Collected data
Lemma xi_crit_cases (A : {set X}) (p : R) :
  xi_crit A p = 0 \/ 0 < xi_crit A p /\ Qfun A p (xi_crit A p) = 0.
Proof.
rewrite /xi_crit; case: ifP => _.
- case: (pselect (exists xi, 0 < xi /\ Qfun A p xi = 0)) => [root|no_root].
  + by right; apply: xgetPex root.
  + by left; apply: xgetPN => xi root; apply: no_root; exists xi.
- case: (pselect (exists xi, 0 < xi /\ (p = 0 \/ xi < - ln p) /\ Qfun A p xi = 0))
    => [root|no_root].
  + by right; have [? [_ ?]] := xgetPex 0 root.
  + by left; apply: xgetPN => xi root; apply: no_root; exists xi.
Qed.

Lemma xi_crit_ge0 (A : {set X}) (p : R) : 0 <= xi_crit A p.
Proof. by case: (xi_crit_cases A p) => [->|[/ltW]]. Qed.

Lemma xi_crit_p0 (A : {set X}) (xi : R) : 0 < xi -> Qfun A 0 xi = 0 ->
  0 < xi_crit A 0 /\ Qfun A 0 (xi_crit A 0) = 0.
Proof.
move=> xi_gt0 Q_xi; have [xi0_eq0|//] := xi_crit_cases A 0.
exfalso; move: xi0_eq0; rewrite /xi_crit; case: ifP => _.
- have root : exists y, 0 < y /\ Qfun A 0 y = 0 by exists xi.
  by have [+ _] := xgetPex 0 root => /[swap] ->; rewrite ltxx.
- have root : exists y, 0 < y /\ (0 = 0 :> R \/ y < - ln 0) /\ Qfun A 0 y = 0.
    by exists xi; split => //; split => //; left.
  by have [+ _] := xgetPex 0 root => /[swap] ->; rewrite ltxx.
Qed.

End CriticalExponent.

Section RandomSearchVersusDescent.
Variables (R : realType) (X : finType) (f : X -> R) (mu : X -> R) (Df : X -> X) (eps : R).
Hypothesis mu_ge0 : forall x, 0 <= mu x.

Local Notation a_idx := (a_idx f mu Df eps).
Local Notation b_idx := (b_idx f mu Df eps).
Local Notation p1 := (p1 f mu Df eps).
Local Notation p2 := (p2 f mu Df eps).
Local Notation qq := (qq f mu Df eps).
Local Notation Qfun := (Qfun f mu Df eps).
Local Notation xi_crit := (xi_crit f mu Df eps).
Local Notation s := (random_search_weight f mu Df eps).

Lemma a_idx_le_card (A : {set X}) : (a_idx A <= #|X|)%N.
Proof. by apply/bigmax_leqP => i _; rewrite -ltnS. Qed.

Lemma p2_gt0_of_Qfun_p1_root (A : {set X}) (xi : R) : Qfun A 1 xi = 0 ->
  exists2 j, (j <= a_idx A)%N & 0 < p2 A j.
Proof.
rewrite Qfun_p1 => /eqP; rewrite subr_eq0 eq_sym => /eqP p2_eq1.
have : \sum_(0 <= j < (a_idx A).+1) p2 A j * expR xi ^+ j.+1 != 0.
  by rewrite p2_eq1 oner_neq0.
rewrite psumr_neq0 => [/hasP[k]|k _]; last first.
  by rewrite mulr_ge0 ?exprn_ge0 ?expR_ge0 ?meas_ge0.
rewrite mem_index_iota ltnS /= => k_le.
by rewrite pmulr_lgt0 ?exprn_gt0 ?expR_gt0 // => p2k_gt0; exists k.
Qed.

Lemma random_search_weight_gt0 (xi : R) : Qfun (~: Fix Df) 1 xi = 0 -> 0 < s.
Proof.
move=> /p2_gt0_of_Qfun_p1_root[j j_le p2_gt0].
have p1_gt0 : 0 < p1 [set: X] j.
  exact: lt_le_trans p2_gt0 (p2_Fix_le_p1_setT f Df eps mu_ge0 j).
have j_lt : (j < #|X|.+1)%N by rewrite ltnS (leq_trans j_le (a_idx_le_card _)).
have j_in : j \in index_iota 0 (a_idx [set: X]).+1.
  rewrite mem_index_iota ltnS.
  apply: (leq_bigmax_cond (F := fun i : 'I_#|X|.+1 => nat_of_ord i) (Ordinal j_lt)).
  by rewrite /= p1_gt0.
apply: (lt_le_trans p1_gt0); rewrite -[p1 _ j]addr0.
apply: lerD; last by apply: sumr_ge0 => i _; apply: meas_ge0.
rewrite (bigD1_seq j) ?iota_uniq //= lerDl.
by apply: sumr_ge0 => i _; apply: meas_ge0.
Qed.

Lemma random_search_weight_add_qq0_le1 :
  \sum_(x : X) mu x = 1 -> s + qq [set: X] 0 <= 1.
Proof.
move=> mu1; set m := maxn (a_idx [set: X]) (b_idx [set: X]).
have p1_le : \sum_(0 <= j < (a_idx [set: X]).+1) p1 [set: X] j
    <= \sum_(0 <= j < m.+1) p1 [set: X] j.
  by apply: nondecreasing_series; [move=> *; apply: meas_ge0 | rewrite ltnS leq_maxl].
have qq_eq : \sum_(0 <= j < m.+1) qq [set: X] j
    = qq [set: X] 0 + \sum_(0 <= j < m) qq [set: X] j.+1 by rewrite big_nat_recl.
have := sum_meas_dlevel_le1 f Df eps mu_ge0 [set: X] m.+1 mu1.
under eq_bigr do rewrite -p1_add_qq_setT.
rewrite big_split /= qq_eq /random_search_weight -/m.
lra.
Qed.

Lemma expR_mul_random_search_weight_le1 (xi : R) :
  \sum_(x : X) mu x = 1 ->
  1 <= \sum_(0 <= j < (a_idx (~: Fix Df)).+1)
         p2 (~: Fix Df) j / (1 - qq (~: Fix Df) 0) ^+ j.+1 ->
  Qfun (~: Fix Df) 1 xi = 0 -> expR xi * s <= 1.
Proof.
move=> mu1 p2_ge1 Q_root; have s_gt0 := random_search_weight_gt0 Q_root.
move: Q_root; rewrite Qfun_p1 => /eqP; rewrite subr_eq0 eq_sym => /eqP p2_eq1.
have p2_ge0 j : 0 <= p2 (~: Fix Df) j by apply: meas_ge0.
have s_q0_le1 := random_search_weight_add_qq0_le1 mu1.
rewrite -qq_setT in p2_ge1.
have e_d_le1 : expR xi * (1 - qq [set: X] 0) <= 1.
  by apply: (power_sums_mul_le1 p2_ge0 (expR_gt0 xi) _ p2_eq1 p2_ge1); lra.
apply: le_trans e_d_le1; rewrite ler_pM2l ?expR_gt0 //; lra.
Qed.

Lemma xi_crit_random_search : 0 < s < 1 -> xi_crit [set: X] 0 = - ln s.
Proof.
case/andP=> s_gt0 s_lt1.
have Q_root : Qfun [set: X] 0 (- ln s) = 0.
  by rewrite Qfun_setT_p0 expRN lnK ?posrE // mulVf ?subrr // gt_eqF.
have ln_gt0 : 0 < - ln s by rewrite oppr_gt0 ln_lt0 // s_gt0.
have [_] := xi_crit_p0 ln_gt0 Q_root.
rewrite Qfun_setT_p0 => /eqP; rewrite subr_eq0 eq_sym => /eqP es_eq1.
apply: expR_inj; rewrite expRN lnK ?posrE //.
by apply: (mulIf (lt0r_neq0 s_gt0)); rewrite es_eq1 mulVf // lt0r_neq0.
Qed.

End RandomSearchVersusDescent.

Local Open Scope classical_set_scope.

» WHAT YOU NEED TO DO
An exact, complete copy of the lines above from the one with "have p1_gt0 : 0 < p1 [set: X] j." through the one with "have e_d_le1 : expR" is the whole answer.

» ANSWER BOX
have p1_gt0 : 0 < p1 [set: X] j.
  exact: lt_le_trans p2_gt0 (p2_Fix_le_p1_setT f Df eps mu_ge0 j).
have j_lt : (j < #|X|.+1)%N by rewrite ltnS (leq_trans j_le (a_idx_le_card _)).
have j_in : j \in index_iota 0 (a_idx [set: X]).+1.
  rewrite mem_index_iota ltnS.
  apply: (leq_bigmax_cond (F := fun i : 'I_#|X|.+1 => nat_of_ord i) (Ordinal j_lt)).
  by rewrite /= p1_gt0.
apply: (lt_le_trans p1_gt0); rewrite -[p1 _ j]addr0.
apply: lerD; last by apply: sumr_ge0 => i _; apply: meas_ge0.
rewrite (bigD1_seq j) ?iota_uniq //= lerDl.
by apply: sumr_ge0 => i _; apply: meas_ge0.
Qed.

Lemma random_search_weight_add_qq0_le1 :
  \sum_(x : X) mu x = 1 -> s + qq [set: X] 0 <= 1.
Proof.
move=> mu1; set m := maxn (a_idx [set: X]) (b_idx [set: X]).
have p1_le : \sum_(0 <= j < (a_idx [set: X]).+1) p1 [set: X] j
    <= \sum_(0 <= j < m.+1) p1 [set: X] j.
  by apply: nondecreasing_series; [move=> *; apply: meas_ge0 | rewrite ltnS leq_maxl].
have qq_eq : \sum_(0 <= j < m.+1) qq [set: X] j
    = qq [set: X] 0 + \sum_(0 <= j < m) qq [set: X] j.+1 by rewrite big_nat_recl.
have := sum_meas_dlevel_le1 f Df eps mu_ge0 [set: X] m.+1 mu1.
under eq_bigr do rewrite -p1_add_qq_setT.
rewrite big_split /= qq_eq /random_search_weight -/m.
lra.
Qed.

Lemma expR_mul_random_search_weight_le1 (xi : R) :
  \sum_(x : X) mu x = 1 ->
  1 <= \sum_(0 <= j < (a_idx (~: Fix Df)).+1)
         p2 (~: Fix Df) j / (1 - qq (~: Fix Df) 0) ^+ j.+1 ->
  Qfun (~: Fix Df) 1 xi = 0 -> expR xi * s <= 1.
Proof.
move=> mu1 p2_ge1 Q_root; have s_gt0 := random_search_weight_gt0 Q_root.
move: Q_root; rewrite Qfun_p1 => /eqP; rewrite subr_eq0 eq_sym => /eqP p2_eq1.
have p2_ge0 j : 0 <= p2 (~: Fix Df) j by apply: meas_ge0.
have s_q0_le1 := random_search_weight_add_qq0_le1 mu1.
rewrite -qq_setT in p2_ge1.
have e_d_le1 : expR xi * (1 - qq [set: X] 0) <= 1.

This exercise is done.